(* bdry written through [ratio], which makes it continuous across th = ph. *)
Lemma bdry_ratio th ph : Rabs (th - ph) < 2 * PI ->
  bdry ph th = 2 * sin ((X th - X ph) / 2) * ratio 1 th ph.
Proof.
  intros Ht. destruct (Req_dec th ph) as [<-|Hn].
  - unfold bdry. rewrite !Rminus_diag. unfold Rdiv. rewrite !Rmult_0_l, sin_0. ring.
  - unfold bdry. rewrite ratio_formula by auto using sin_half_nz.
    replace (1 * ((th - ph) / 2)) with ((th - ph) / 2) by ring. field. auto using sin_half_nz.
Qed.

Lemma section_cont F ph a b x : (forall t p, Square t p -> Rabs (t - p) < 2 * PI -> jcont Square F t p) ->
  0 <= a -> b <= 2 * PI -> 0 <= ph <= 2 * PI -> a <= x <= b -> Rabs (x - ph) < 2 * PI ->
  cont_in (fun t => F t ph) a b x.
Proof.
  intros HF Ha Hb Hp Hx Ht. apply (jcont_section Square); [intros; split; lra|].
  apply HF; auto. split; lra.
Qed.

Lemma bdry_cont ph x : 0 < ph < 2 * PI -> 0 <= x <= 2 * PI -> cont_in (bdry ph) 0 (2 * PI) x.
Proof.
  intros Hp Hx.
  apply cont_in_ext with (fun t => 2 * sin ((X t - X ph) / 2) * ratio 1 t ph); auto.
  { intros y Hy. symmetry. apply bdry_ratio. apply Rabs_def1; lra. }
  apply (section_cont (fun t p => 2 * sin ((X t - X p) / 2) * ratio 1 t p)); try lra;
    [|apply Rabs_def1; lra].
  intros t p Hs Ht. apply jcont_mult; [|apply ratio_jcont; auto].
  apply jcont_scal. apply (jcont_comp Square (fun x y => (X x - X y) / 2) sin); [|apply continuity_sin].
  apply jcont_ext with (fun x y => / 2 * (X x - X y)); [intros; field|].
  apply jcont_scal, jcont_minus; [apply jcont_fst| apply jcont_snd]; auto.
Qed.

Lemma bdry_deriv ph th : 0 <= ph <= 2 * PI -> 0 < th < 2 * PI -> th <> ph ->
  derivable_pt_lim (bdry ph) th (kernel_c th ph - pos_kernel th ph).
Proof.
  intros Hp Ht Hn.
  assert (Hs := sin_half_nz th ph Hn ltac:(apply Rabs_def1; lra)).
  set (A := fun t => (X t - X ph) / 2). set (B := fun t => (t - ph) / 2).
  assert (DA : derivable_pt_lim A th (D th / 2)) by (apply derivable_pt_lim_half_incr, Xd; lra).
  assert (DB : derivable_pt_lim B th (1 / 2)) by (apply derivable_pt_lim_half_incr, derivable_pt_lim_id).
  eapply derivable_pt_lim_eq.
  - apply (derivable_pt_lim_div (fun t => 2 * sin (A t) * sin (A t - B t)) (fun t => sin (B t)));
      [| apply derivable_pt_lim_sin_comp, DB| exact Hs].
    apply (derivable_pt_lim_mult (fun t => 2 * sin (A t)) (fun t => sin (A t - B t))).
    + apply (derivable_pt_lim_scal (fun t => sin (A t)) 2), derivable_pt_lim_sin_comp, DA.
    + apply derivable_pt_lim_sin_comp, (derivable_pt_lim_minus A B); [exact DA| exact DB].
  - unfold kernel_c, pos_kernel. rewrite !ratio_formula by auto.
    fold (A th) (B th) in *. unfold Rsqr.
    replace (A th - 0 * B th) with (A th) by ring. replace (1 * B th) with (B th) by ring.
    rewrite sin_minus, cos_minus.
    assert (E : cos (B th) * cos (B th) = 1 - sin (B th) * sin (B th))
      by (generalize (sin2_cos2 (B th)); unfold Rsqr; lra).
    apply Rminus_diag_uniq. field_simplify; auto.
    replace (cos (B th) ^ 2) with (1 - sin (B th) ^ 2) by (simpl; lra).
    field. auto.
Qed.

Lemma bdry_periodic ph : bdry ph (2 * PI) = bdry ph 0.
Proof.
  unfold bdry. rewrite Xper.
  replace ((X 0 + 2 * PI - X ph) / 2) with ((X 0 - X ph) / 2 + PI) by field.
  replace ((2 * PI - ph) / 2) with ((0 - ph) / 2 + PI) by field.
  replace ((X 0 - X ph) / 2 + PI - ((0 - ph) / 2 + PI))
    with ((X 0 - X ph) / 2 - (0 - ph) / 2) by ring.
  rewrite !neg_sin. unfold Rdiv. rewrite Rinv_opp. ring.
Qed.

Lemma kernel_periodic th : kernel5p3 X D th 0 = kernel5p3 X D th (2 * PI).
Proof.
  unfold kernel5p3. rewrite Xper.
  replace (X th - (X 0 + 2 * PI)) with ((X th - X 0) - 2 * PI) by ring.
  replace (th - 2 * PI) with ((th - 0) - 2 * PI) by ring.
  rewrite !(cos_minus _ (2 * PI)), cos_2PI, sin_2PI. f_equal; f_equal; f_equal; ring.
Qed.

Lemma kernel_integrable_on ph a b : 0 <= a -> a <= b -> b <= 2 * PI -> 0 <= ph <= 2 * PI ->
  (forall x, a <= x <= b -> Rabs (x - ph) < 2 * PI) ->
  Riemann_integrable (fun th => kernel5p3 X D th ph) a b.
Proof.
  intros Ha Hab Hb Hp Hd.
  apply integrable_ext_but_one with (fun th => kernel_c th ph) ph; auto.
  - intros x Hx Hn. symmetry. apply kernel_eq_c; auto. apply Hd; lra.
  - apply cont_in_integrable; auto. intros x Hx.
    apply section_cont; auto using kernel_c_jcont; lra.
Qed.

Lemma kernel_integrable ph : 0 <= ph <= 2 * PI ->
  Riemann_integrable (fun th => kernel5p3 X D th ph) 0 (2 * PI).
Proof.
  intros Hp. assert (HPI := PI_RGT_0).
  assert (Near : forall p a b, 0 <= a -> a <= b -> b <= 2 * PI -> 0 <= p <= 2 * PI ->
            b - 2 * PI < p < a + 2 * PI -> Riemann_integrable (fun th => kernel5p3 X D th p) a b)
    by (intros; apply kernel_integrable_on; auto; intros; apply Rabs_def1; lra).
  destruct (Rlt_dec 0 ph) as [H0|H0]; [destruct (Rlt_dec ph (2 * PI)) as [H1|H1]|].
  - apply Near; lra.
  (* at the endpoints, kernel(., 0) = kernel(., 2PI) is integrable on both halves *)
  - replace ph with (2 * PI) by lra. apply RiemannInt_P21 with PI; [lra| lra| |apply Near; lra].
    apply Riemann_integrable_ext with (f := fun th => kernel5p3 X D th 0); [|apply Near; lra].
    intros; apply kernel_periodic.
  - replace ph with 0 by lra. apply RiemannInt_P21 with PI; [lra| lra| apply Near; lra|].
    apply Riemann_integrable_ext with (f := fun th => kernel5p3 X D th (2 * PI)); [|apply Near; lra].
    intros; symmetry; apply kernel_periodic.
Qed.

(* The inner integral I(ph) = int_0^{2PI} kernel(th, ph) dth (0 outside [0,2PI]). *)
Definition inner_int ph : R :=
  match Rle_dec 0 ph, Rle_dec ph (2 * PI) with
  | left h1, left h2 => RiemannInt (kernel_integrable ph (conj h1 h2))
  | _, _ => 0
  end.

Lemma inner_int_eq ph (pr : Riemann_integrable (fun th => kernel5p3 X D th ph) 0 (2 * PI)) :
  0 <= ph <= 2 * PI -> inner_int ph = RiemannInt pr.
Proof.
  intros Hp. unfold inner_int.
  destruct (Rle_dec 0 ph); [|lra]. destruct (Rle_dec ph (2 * PI)); [|lra].
  apply RiemannInt_P5.
Qed.

Lemma D_nonneg x : 0 < x < 2 * PI -> 0 <= D x.
Proof.
  intros Hx. apply (deriv_nonneg X x (D x) (Rmin (x - 0) (2 * PI - x))); [apply Rmin_pos; lra| |apply Xd; auto].
  intros y z Hy Hz Hyz. apply interior_ball in Hy; [|exact Hx]. apply interior_ball in Hz; [|exact Hx].
  destruct (Req_dec y z) as [->|Hn]; [lra|]. left. apply Xinc; lra.
Qed.

Lemma pos_kernel_nonneg x ph : 0 < x < 2 * PI -> 0 <= pos_kernel x ph.
Proof. intros Hx. unfold pos_kernel. apply Rmult_le_pos; [apply D_nonneg; auto| nra]. Qed.

Lemma pos_kernel_integrable ph : 0 < ph < 2 * PI ->
  Riemann_integrable (fun t => pos_kernel t ph) 0 (2 * PI).
Proof.
  intros Hp. apply cont_in_integrable; [lra|]. intros x Hx.
  apply section_cont; auto using pos_kernel_jcont; try lra. apply Rabs_def1; lra.
Qed.

(* Integrating the identity kernel = pos_kernel + d/dth bdry over a period:
   the boundary term is periodic, so I(ph) = int pos_kernel(th, ph) dth. *)
Lemma inner_int_pos_kernel ph (prG : Riemann_integrable (fun t => pos_kernel t ph) 0 (2 * PI)) :
  0 < ph < 2 * PI -> inner_int ph = RiemannInt prG.
Proof.
  intros Hp. assert (HT := two_PI_pos).
  assert (Sec : forall F x, (forall t p, Square t p -> Rabs (t - p) < 2 * PI -> jcont Square F t p) ->
            0 <= x <= 2 * PI -> cont_in (fun t => F t ph) 0 (2 * PI) x)
    by (intros; apply section_cont; auto; try lra; apply Rabs_def1; lra).
  assert (prK : Riemann_integrable (fun t => kernel_c t ph) 0 (2 * PI))
    by (apply cont_in_integrable; [lra|]; intros; apply Sec; auto using kernel_c_jcont).
  rewrite (inner_int_eq ph (kernel_integrable ph ltac:(lra))) by lra.
  rewrite (RiemannInt_ext_but_one _ _ _ _ ph _ prK); [|lra|].
  2:{ intros x Hx Hn. apply kernel_eq_c; auto. apply Rabs_def1; lra. }
  set (prD := RiemannInt_P10 (-1) prK prG).
  assert (E := RiemannInt_P13 prK prG prD).
  assert (F : RiemannInt prD = bdry ph (2 * PI) - bdry ph 0).
  2: rewrite bdry_periodic in F; lra.
  apply FTC_but_one with ph; auto.
  - intros x Hx. apply cont_in_ext with (fun t => kernel_c t ph - pos_kernel t ph); auto.
    + intros; ring.
    + apply cont_in_minus; apply Sec; auto using kernel_c_jcont, pos_kernel_jcont.
  - intros x Hx. apply bdry_cont; auto.
  - intros x Hx Hn. eapply derivable_pt_lim_eq; [apply bdry_deriv; auto; lra| ring].
Qed.

Lemma inner_int_nonneg ph : 0 < ph < 2 * PI -> 0 <= inner_int ph.
Proof.
  intros Hp. rewrite (inner_int_pos_kernel ph (pos_kernel_integrable ph Hp) Hp).
  apply Rle_trans with (0 * (2 * PI - 0)); [lra|].
  apply RiemannInt_ge_const; [generalize two_PI_pos; lra|].
  intros; apply pos_kernel_nonneg; auto.
Qed.

Lemma D_bound : exists M, 0 <= M /\ forall x, 0 <= x <= 2 * PI -> Rabs (D x) <= M.
Proof.
  destruct (continuity_ab_maj (fun t => Rabs (D t)) 0 (2 * PI)) as [m [Hm _]].
  - generalize two_PI_pos; lra.
  - intros c _. apply (continuity_pt_comp D Rabs); auto. apply Rcontinuity_abs.
  - exists (Rabs (D m)). split; [apply Rabs_pos| auto].
Qed.

Lemma X_lipschitz M : (forall x, 0 <= x <= 2 * PI -> Rabs (D x) <= M) ->
  forall a b, 0 <= a <= 2 * PI -> 0 <= b <= 2 * PI -> Rabs (X a - X b) <= M * Rabs (a - b).
Proof.
  intros HM a b Ha Hb. destruct (Req_dec a b) as [<-|Hn].
  { rewrite !Rminus_diag, Rabs_R0. lra. }
  destruct (slope_mvt a b (conj Ha Hb)) as [c [Hc [_ Hq]]].
  replace (X a - X b) with (slope a b * (a - b)) by (unfold slope; destruct Req_EM_T; [lra| field; lra]).
  rewrite Hq, Rabs_mult. apply Rmult_le_compat_r; [apply Rabs_pos| apply HM; auto].
Qed.

Lemma abs_sin_ratio M u v : 0 <= M -> Rabs u <= M * Rabs v -> Rabs v <= PI / 2 ->
  Rabs (sin u) <= 5 / 2 * M * Rabs (sin v).
Proof.
  intros HM H1 H2. assert (H3 := abs_sin_lower v H2). assert (H4 := abs_sin_le u).
  assert (M * Rabs v <= M * (5 / 2 * Rabs (sin v))) by (apply Rmult_le_compat_l; lra).
  lra.
Qed.

(* sin of the half increment of X is controlled by sin of the half increment
   of the identity, up to the factor 5M/2; near the corners of the square
   this uses X (2PI) = X 0 + 2PI. *)
Lemma half_increment_bound M : 0 <= M -> (forall x, 0 <= x <= 2 * PI -> Rabs (D x) <= M) ->
  forall th ph, 0 <= th <= 2 * PI -> 0 <= ph <= 2 * PI ->
  Rabs (sin ((X th - X ph) / 2)) <= 5 / 2 * M * Rabs (sin ((th - ph) / 2)).
Proof.
  intros HM0 HM. assert (L := X_lipschitz M HM). assert (HPI := PI_RGT_0).
  assert (Half : forall u, Rabs (u / 2) = Rabs u / 2)
    by (intro; unfold Rdiv; rewrite Rabs_mult, (Rabs_right (/2)) by lra; ring).
  assert (Ordered : forall th ph, 0 <= th <= 2 * PI -> 0 <= ph <= 2 * PI -> ph <= th ->
            Rabs (sin ((X th - X ph) / 2)) <= 5 / 2 * M * Rabs (sin ((th - ph) / 2))).
  { intros th ph Ht Hp Hle. destruct (Rle_dec (th - ph) PI) as [Hc|Hc].
    - apply abs_sin_ratio; auto; rewrite !Half, (Rabs_right (th - ph)) by lra; [|lra].
      generalize (L th ph Ht Hp). rewrite (Rabs_right (th - ph)) by lra. lra.
    - (* far from the diagonal: shift both half increments by PI *)
      replace ((X th - X ph) / 2) with (((X th - X (2 * PI)) + (X 0 - X ph)) / 2 + PI)
        by (rewrite Xper; field).
      replace ((th - ph) / 2) with ((th - ph - 2 * PI) / 2 + PI) by field.
      rewrite !neg_sin, !Rabs_Ropp.
      apply abs_sin_ratio; auto; rewrite !Half, (Rabs_left1 (th - ph - 2 * PI)) by lra; [|lra].
      generalize (L th (2 * PI) Ht ltac:(lra)) (L 0 ph ltac:(lra) Hp)
        (Rabs_triang (X th - X (2 * PI)) (X 0 - X ph)).
      rewrite (Rabs_left1 (th - 2 * PI)), (Rabs_left1 (0 - ph)) by lra. lra. }
  intros th ph Ht Hp. destruct (Rle_dec ph th); auto.
  replace ((X th - X ph) / 2) with (- ((X ph - X th) / 2)) by field.
  replace ((th - ph) / 2) with (- ((ph - th) / 2)) by field.
  rewrite !sin_neg, !Rabs_Ropp. apply Ordered; auto; lra.
Qed.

★ ★ ★ ★

== PROMPT ==
In the listing above, locate the line containing "- apply cont_in_integrable;" and the line containing "0); [|apply Near; lra].", then transcribe both and every line between them verbatim.

== EXERCISE SOLUTION ==
  - apply cont_in_integrable; auto. intros x Hx.
    apply section_cont; auto using kernel_c_jcont; lra.
Qed.

Lemma kernel_integrable ph : 0 <= ph <= 2 * PI ->
  Riemann_integrable (fun th => kernel5p3 X D th ph) 0 (2 * PI).
Proof.
  intros Hp. assert (HPI := PI_RGT_0).
  assert (Near : forall p a b, 0 <= a -> a <= b -> b <= 2 * PI -> 0 <= p <= 2 * PI ->
            b - 2 * PI < p < a + 2 * PI -> Riemann_integrable (fun th => kernel5p3 X D th p) a b)
    by (intros; apply kernel_integrable_on; auto; intros; apply Rabs_def1; lra).
  destruct (Rlt_dec 0 ph) as [H0|H0]; [destruct (Rlt_dec ph (2 * PI)) as [H1|H1]|].
  - apply Near; lra.
  (* at the endpoints, kernel(., 0) = kernel(., 2PI) is integrable on both halves *)
  - replace ph with (2 * PI) by lra. apply RiemannInt_P21 with PI; [lra| lra| |apply Near; lra].
    apply Riemann_integrable_ext with (f := fun th => kernel5p3 X D th 0); [|apply Near; lra].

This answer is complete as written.